48.5 g of bismuth nitrate and 70.61 g of bismuth sulfate were dissolved in 300 mL of 4 mol. L^-1Then 50 g of montmorillonite was added thereto and stirred for 2 hours. Weighing 17.55 g of ammonium metavanadate and 12.10 g of sodium molybdate, dissolving the ammonium metavanadate and the sodium molybdate in 50 mL of ammonia water, adding the mixture into a bismuth nitrate solution dispersed with montmorillonite under stirring, slowly adjusting the pH value of a reaction system to be 4.5 by adopting potassium carbonate, stirring the mixture at room temperature for 8 hours to obtain yellow precipitate, filtering, washing and drying the yellow precipitate, and calcining the yellow precipitate in a muffle furnace at 750 ℃ for 3 hours to obtain the bright yellow powdery bismuth yellow/montmorillonite hybrid pigment which is marked as BiVO₄Montmorillonite-750, whose L, a, b color values are shown in Table 1.

Claims

1. A preparation method of bismuth yellow/2: 1 type silicate mineral hybrid pigment comprises dissolving bismuth salt in nitric acid solution, adding 2:1 type silicate mineral, stirring and dispersing uniformly to obtain bismuth solution containing silicate mineral; dissolving a vanadium source or/and a molybdenum source in a nitric acid aqueous solution or an alkali aqueous solution, then adding the solution into a bismuth solution containing silicate minerals, adjusting the pH = 2-9 of a reaction system, stirring and reacting at room temperature for 2-12 h to obtain yellow precipitates, filtering, washing and drying to obtain the bismuth yellow/silicate mineral hybrid pigment; calcining the obtained bismuth yellow/silicate mineral hybrid pigment at 300-800 ℃ for 0.5-3 h to obtain bismuth yellow/2: 1 type silicate mineral hybrid pigment;

the bismuth salt is at least one of bismuth nitrate, bismuth sulfate, bismuth chloride and bismuth acetate; the concentration of the nitric acid solution for dissolving the bismuth salt is 0.1-5 mol.L^-1；

The 2:1 type silicate mineral is sepiolite, mica, vermiculite, pyrophyllite, talc and chlorite; the mass of the bismuth salt is 0.5-20 times of that of the 2:1 type silicate mineral;

the ratio of the vanadium source to the bismuth salt is 1:1 to 1:5, and the ratio of the molybdenum source to the bismuth salt is 1:20 to 1: 0.25.
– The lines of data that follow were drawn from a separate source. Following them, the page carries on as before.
(* Let $\ell,\ell'\ge1$ and let $A$ ($\ell\times\ell$) and $A'$ ($\ell'\times\ell'$) be symmetric matrices with zero diagonal and all off-diagonal entries in $\{\frac12,1\}$, both dense. Let $J$ be the $\ell'\times\ell$ all-ones matrix and let $$C=\begin{pmatrix}A & J^{T}\\ J & A'\end{pmatrix}.$$ Then $C$ is dense.
   Context: For a symmetric $s\times s$ matrix $M$, consider the quadratic form $\mathbf{u}M\mathbf{u}^T$ on the simplex $\{\mathbf{u}=(u_1,\dots,u_s): u_i\ge 0,\ \sum_i u_i=1\}$. $M$ is called dense if this form does not attain its maximum on the boundary of the simplex, i.e. every maximizer $\mathbf{u}$ has all coordinates $u_i>0$. *)

From mathcomp Require Import all_boot all_order all_algebra.
From mathcomp Require Import reals.
Set Implicit Arguments. Unset Strict Implicit. Unset Printing Implicit Defensive.
Import Order.TTheory GRing.Theory Num.Theory.
Local Open Scope ring_scope.

Definition in_simplex (R : realType) (s : nat) (u : 'rV[R]_s) : Prop :=
  (forall i, 0 <= u 0 i) /\ \sum_(i < s) u 0 i = 1.

Definition qform (R : realType) (s : nat) (M : 'M[R]_s) (u : 'rV[R]_s) : R :=
  (u *m M *m u^T) 0 0.

Definition simplex_maximizer (R : realType) (s : nat) (M : 'M[R]_s)
    (u : 'rV[R]_s) : Prop :=
  in_simplex u /\ forall v, in_simplex v -> qform M v <= qform M u.

Definition dense (R : realType) (s : nat) (M : 'M[R]_s) : Prop :=
  forall u, simplex_maximizer M u -> forall i, 0 < u 0 i.

Definition half_one_matrix (R : realType) (s : nat) (M : 'M[R]_s) : Prop :=
  M^T = M /\ (forall i, M i i = 0) /\
  (forall i j, i != j -> M i j = 2^-1 \/ M i j = 1).

From mathcomp Require Import all_boot all_order all_algebra.
From mathcomp Require Import reals.
From mathcomp Require Import ring lra.
Set Implicit Arguments.
Unset Strict Implicit.
Import Order.TTheory GRing.Theory Num.Theory.
Local Open Scope ring_scope.

(* Write a point of the simplex as u = (x, y) with x of size l, y of size l',
   and let a, b be the masses (coordinate sums) of x and y, so a + b = 1.
   Then u C u^T = x A x^T + 2ab + y A' y^T, so maximizers of C are exactly
   maximizers of this "pair form" over pairs (x, y) of total mass 1; the pair
   form is symmetric in the two blocks, so it suffices to treat x.
   1. The block x carries positive mass: otherwise y lies in the simplex, and
      since A' has zero diagonal and entries at most 1 we get y A' y^T < 1;
      moving a little mass t onto a vertex of the first block then strictly
      increases the form, contradicting maximality.
   2. If a > 0 then x / a maximizes the quadratic form of A on the simplex
      (rescaling a competitor v to a v keeps the pair feasible and multiplies
      the A-part by a^2), so density of A makes every coordinate of x positive. *)

Section DenseBlock.
Variable R : realType.

Definition mass (n : nat) (x : 'rV[R]_n) : R := \sum_(i < n) x 0 i.

Definition nonneg (n : nat) (x : 'rV[R]_n) : Prop := forall i, 0 <= x 0 i.

Lemma mass0 (n : nat) : mass (0 : 'rV[R]_n) = 0.
Proof. by rewrite /mass big1 // => i _; rewrite mxE. Qed.

Lemma massZ (n : nat) (c : R) (x : 'rV[R]_n) : mass (c *: x) = c * mass x.
Proof. by rewrite /mass mulr_sumr; apply: eq_bigr => i _; rewrite mxE. Qed.

Lemma mass_row (n m : nat) (x : 'rV[R]_n) (y : 'rV[R]_m) :
  mass (row_mx x y) = mass x + mass y.
Proof.
by rewrite /mass big_split_ord; congr (_ + _); apply: eq_bigr => i _;
  rewrite ?row_mxEl ?row_mxEr.
Qed.

Lemma mass_delta (n : nat) (j : 'I_n) : mass (delta_mx 0 j : 'rV[R]_n) = 1.
Proof.
rewrite /mass (bigD1 j) //= big1 ?addr0 => [|i hi]; first by rewrite mxE !eqxx.
by rewrite mxE (negbTE hi) andbF.
Qed.

Lemma nonneg_mass0 (n : nat) (x : 'rV[R]_n) :
  nonneg x -> mass x = 0 -> x = 0.
Proof.
move=> hx hx0; apply/matrixP => i j; rewrite (ord1 i) mxE.
exact: (psumr_eq0P (fun k _ => hx k) hx0).
Qed.

Lemma nonnegZ (n : nat) (c : R) (x : 'rV[R]_n) :
  0 <= c -> nonneg x -> nonneg (c *: x).
Proof. by move=> hc hx i; rewrite mxE mulr_ge0. Qed.

Lemma nonneg_row (n m : nat) (x : 'rV[R]_n) (y : 'rV[R]_m) :
  nonneg x -> nonneg y -> nonneg (row_mx x y).
Proof. by move=> hx hy k; rewrite mxE; case: split => j. Qed.

Lemma qformE (n : nat) (M : 'M[R]_n) (u : 'rV[R]_n) :
  qform M u = \sum_i \sum_j u 0 i * M i j * u 0 j.
Proof.
rewrite /qform mxE.
under eq_bigr => i _ do rewrite [u^T _ _]mxE [(u *m M) _ _]mxE mulr_suml.
by rewrite exchange_big.
Qed.

Lemma qformZ (n : nat) (M : 'M[R]_n) (c : R) (u : 'rV[R]_n) :
  qform M (c *: u) = c ^+ 2 * qform M u.
Proof.
rewrite /qform -!scalemxAl linearZ /= -scalemxAr !mxE.
by rewrite expr2 mulrA.
Qed.

Lemma qform0 (n : nat) (M : 'M[R]_n) : qform M 0 = 0.
Proof. by rewrite /qform !mul0mx mxE. Qed.

Lemma qform_delta (n : nat) (M : 'M[R]_n) (j : 'I_n) :
  qform M (delta_mx 0 j) = M j j.
Proof. by rewrite /qform trmx_delta -rowE -colE !mxE. Qed.

Definition hollow_bounded (n : nat) (M : 'M[R]_n) : Prop :=
  (forall i, M i i = 0) /\ (forall i j, M i j <= 1).

Lemma half_one_hollow (n : nat) (M : 'M[R]_n) :
  half_one_matrix M -> hollow_bounded M.
Proof.
move=> [_ [hd ho]]; split=> // i j.
have [->|hij] := eqVneq i j; first by rewrite hd ler01.
by case: (ho i j hij) => ->; lra.
Qed.

(* For such M and x in the simplex, x M x^T <= 1 - sum_i x_i^2 < 1: only
   off-diagonal products x_i x_j (which sum to 1 - sum_i x_i^2) contribute. *)
Lemma qform_lt1 (n : nat) (M : 'M[R]_n) (x : 'rV[R]_n) :
  hollow_bounded M -> in_simplex x -> qform M x < 1.
Proof.
move=> [hd hle] [hx hs].
have row_bound i : \sum_j x 0 i * M i j * x 0 j <= x 0 i - x 0 i ^+ 2.
  have -> : x 0 i - x 0 i ^+ 2 = \sum_(j | j != i) x 0 i * x 0 j.
    have hrow : x 0 i = x 0 i * x 0 i + \sum_(j | j != i) x 0 i * x 0 j.
      by rewrite -[LHS]mulr1 -hs mulr_sumr (bigD1 i).
    by rewrite {1}hrow; ring.
  rewrite (bigD1 i) //= hd mulr0 mul0r add0r; apply: ler_sum => j _.
  by rewrite mulrAC ler_piMr ?mulr_ge0.
have [k /andP [_ hk]] : exists k, true && (0 < x 0 k).
  apply: psumr_neq0P => [k _|]; first exact: hx.
  by rewrite hs; apply/eqP; rewrite oner_neq0.
rewrite qformE (le_lt_trans (ler_sum _ (fun i _ => row_bound i))) //.
rewrite sumrB hs ltrBlDr ltrDl (bigD1 k) //=.
apply: ltr_pwDl; first by rewrite exprn_gt0.
by apply: sumr_ge0 => i _; rewrite sqr_ge0.
Qed.

(* The quadratic form of [M J^T; J N] at the split point u = (x, y). *)
Definition pair_form (m n : nat) (M : 'M[R]_m) (N : 'M[R]_n)
    (x : 'rV[R]_m) (y : 'rV[R]_n) : R :=
  qform M x + 2 * mass x * mass y + qform N y.

Lemma qform_block (m n : nat) (M : 'M[R]_m) (N : 'M[R]_n) x y :
  qform (block_mx M (const_mx 1 : 'M[R]_(n, m))^T (const_mx 1 : 'M[R]_(n, m)) N)
    (row_mx x y) = pair_form M N x y.
Proof.
have constE p q (a : 'rV[R]_p) (b : 'rV[R]_q) :
    (a *m (const_mx 1 : 'M_(p, q)) *m b^T) 0 0 = mass a * mass b.
  rewrite mxE /mass mulr_sumr; apply: eq_bigr => j _.
  by rewrite !mxE; congr (_ * _); apply: eq_bigr => i _; rewrite mxE mulr1.
rewrite /pair_form /qform tr_row_mx mul_row_block mul_row_col !mulmxDl.
have addE (P Q : 'M[R]_1) : (P + Q) 0 0 = P 0 0 + Q 0 0 by rewrite mxE.
by rewrite trmx_const !addE !constE; ring.
Qed.

Definition pair_maximizer (m n : nat) (M : 'M[R]_m) (N : 'M[R]_n)
    (x : 'rV[R]_m) (y : 'rV[R]_n) : Prop :=
  [/\ nonneg x, nonneg y, mass x + mass y = 1 &
      forall x' y', nonneg x' -> nonneg y' -> mass x' + mass y' = 1 ->
        pair_form M N x' y' <= pair_form M N x y].

Lemma block_pair_maximizer (m n : nat) (M : 'M[R]_m) (N : 'M[R]_n) u :
  simplex_maximizer
    (block_mx M (const_mx 1 : 'M[R]_(n, m))^T (const_mx 1 : 'M[R]_(n, m)) N) u ->
  pair_maximizer M N (lsubmx u) (rsubmx u).
Proof.
move=> [[hu hs] hmax]; rewrite -[u]hsubmxK in hu hs hmax.
split=> [k|k||x' y' hx' hy' hs'].
- by have := hu (lshift n k); rewrite row_mxEl.
- by have := hu (rshift m k); rewrite row_mxEr.
- by rewrite -mass_row.
rewrite -!qform_block; apply: hmax; split; first exact: nonneg_row.
by rewrite -/(mass _) mass_row.
Qed.

Lemma pair_maximizer_sym (m n : nat) (M : 'M[R]_m) (N : 'M[R]_n) x y :
  pair_maximizer M N x y -> pair_maximizer N M y x.
Proof.
have swap p q (P : 'M[R]_p) (Q : 'M[R]_q) a b :
    pair_form P Q a b = pair_form Q P b a by rewrite /pair_form; ring.
move=> [hx hy hs hmax]; split=> // [|y' x' hy' hx' hs']; first by rewrite addrC.
by rewrite !(swap _ _ N); apply: hmax; rewrite // addrC.
Qed.

Lemma pair_maximizer_mass_pos (m n : nat) (M : 'M[R]_m) (N : 'M[R]_n) x y :
  (0 < m)%N -> hollow_bounded M -> hollow_bounded N ->
  pair_maximizer M N x y -> 0 < mass x.
Proof.
move=> hm [hMd _] hN [hx hy hs hmax].
rewrite lt_def /mass sumr_ge0 ?andbT; last by move=> i _; exact: hx.
apply/negP => /eqP hx0; rewrite -/(mass x) in hx0.
rewrite hx0 add0r in hs; rewrite (nonneg_mass0 hx hx0) in hmax.
have := qform_lt1 hN (conj hy hs); set q := qform N y => hq.
pose t := (1 - q) / (2 - q).
have ht : t * (2 - q) = 1 - q by rewrite /t divfK // gt_eqF // subr_gt0; lra.
have ht0 : 0 < t by rewrite /t divr_gt0 // subr_gt0; lra.
have ht1 : 0 <= 1 - t by nra.
pose e := delta_mx 0 (Ordinal hm) : 'rV[R]_m.
have he : nonneg e by move=> i; rewrite mxE; case: (_ && _).
have hfeas : mass (t *: e) + mass ((1 - t) *: y) = 1.
  by rewrite !massZ mass_delta hs; ring.
have := hmax _ _ (nonnegZ (ltW ht0) he) (nonnegZ ht1 hy) hfeas.
rewrite /pair_form !massZ mass_delta hs !qformZ qform_delta hMd qform0 mass0 -/q.
by nra.
Qed.

Lemma pair_maximizer_pos (m n : nat) (M : 'M[R]_m) (N : 'M[R]_n) x y :
  dense M -> pair_maximizer M N x y -> 0 < mass x -> forall i, 0 < x 0 i.
Proof.
move=> dM [hx hy hs hmax] ha i.
pose w := (mass x)^-1 *: x.
have qx : qform M x = mass x ^+ 2 * qform M w.
  by rewrite -qformZ /w scalerA divff ?gt_eqF // scale1r.
have hw : simplex_maximizer M w.
  split=> [|v [hv hvs]].
    split; first by apply: nonnegZ hx; rewrite invr_ge0 ltW.
    by rewrite -/(mass w) massZ mulVf ?gt_eqF.
  change (mass v = 1) in hvs.
  have hfeas : mass (mass x *: v) + mass y = 1 by rewrite massZ hvs mulr1.
  have := hmax _ _ (nonnegZ (ltW ha) hv) hy hfeas.
  rewrite /pair_form massZ hvs mulr1 qformZ qx lerD2r lerD2r.
  by rewrite ler_pM2l ?exprn_gt0.
by have := dM w hw i; rewrite mxE pmulr_rgt0 ?invr_gt0.
Qed.

End DenseBlock.

Theorem mainTheorem5 (R : realType) (l l' : nat)
  (A : 'M[R]_l) (A' : 'M[R]_l') :
  (1 <= l)%N -> (1 <= l')%N ->
  half_one_matrix A -> half_one_matrix A' ->
  dense A -> dense A' ->
  dense (block_mx A (const_mx 1 : 'M[R]_(l', l))^T (const_mx 1 : 'M[R]_(l', l)) A').
Proof.
move=> hl hl' /half_one_hollow hA /half_one_hollow hA' dA dA' u hu.
have hxy := block_pair_maximizer hu.
have hyx := pair_maximizer_sym hxy.
have hx := pair_maximizer_pos dA hxy (pair_maximizer_mass_pos hl hA hA' hxy).
have hy := pair_maximizer_pos dA' hyx (pair_maximizer_mass_pos hl' hA' hA hyx).
by move=> i; rewrite -[u]hsubmxK mxE; case: split => j.
Qed.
2. The process for preparing bismuth yellow/2: 1 type silicate mineral hybrid pigment according to claim 1, wherein: the vanadium source is any one of ammonium metavanadate, sodium metavanadate or sodium vanadate.

3. The process for preparing bismuth yellow/2: 1 type silicate mineral hybrid pigment according to claim 1, wherein: the molybdenum source is any one of sodium molybdate, ammonium molybdate or potassium molybdate.

4. The process for preparing bismuth yellow/2: 1 type silicate mineral hybrid pigment according to claim 1, wherein: the concentration of the nitric acid aqueous solution or alkali aqueous solution for dissolving the vanadium source or/and the molybdenum source is 0.1-5 mol.L^-1。

5. The process for preparing bismuth yellow/2: 1 type silicate mineral hybrid pigment according to claim 4, wherein: the aqueous solution of the alkali is aqueous solution of sodium hydroxide, potassium hydroxide, ammonia water, sodium carbonate, potassium carbonate, sodium bicarbonate or potassium bicarbonate.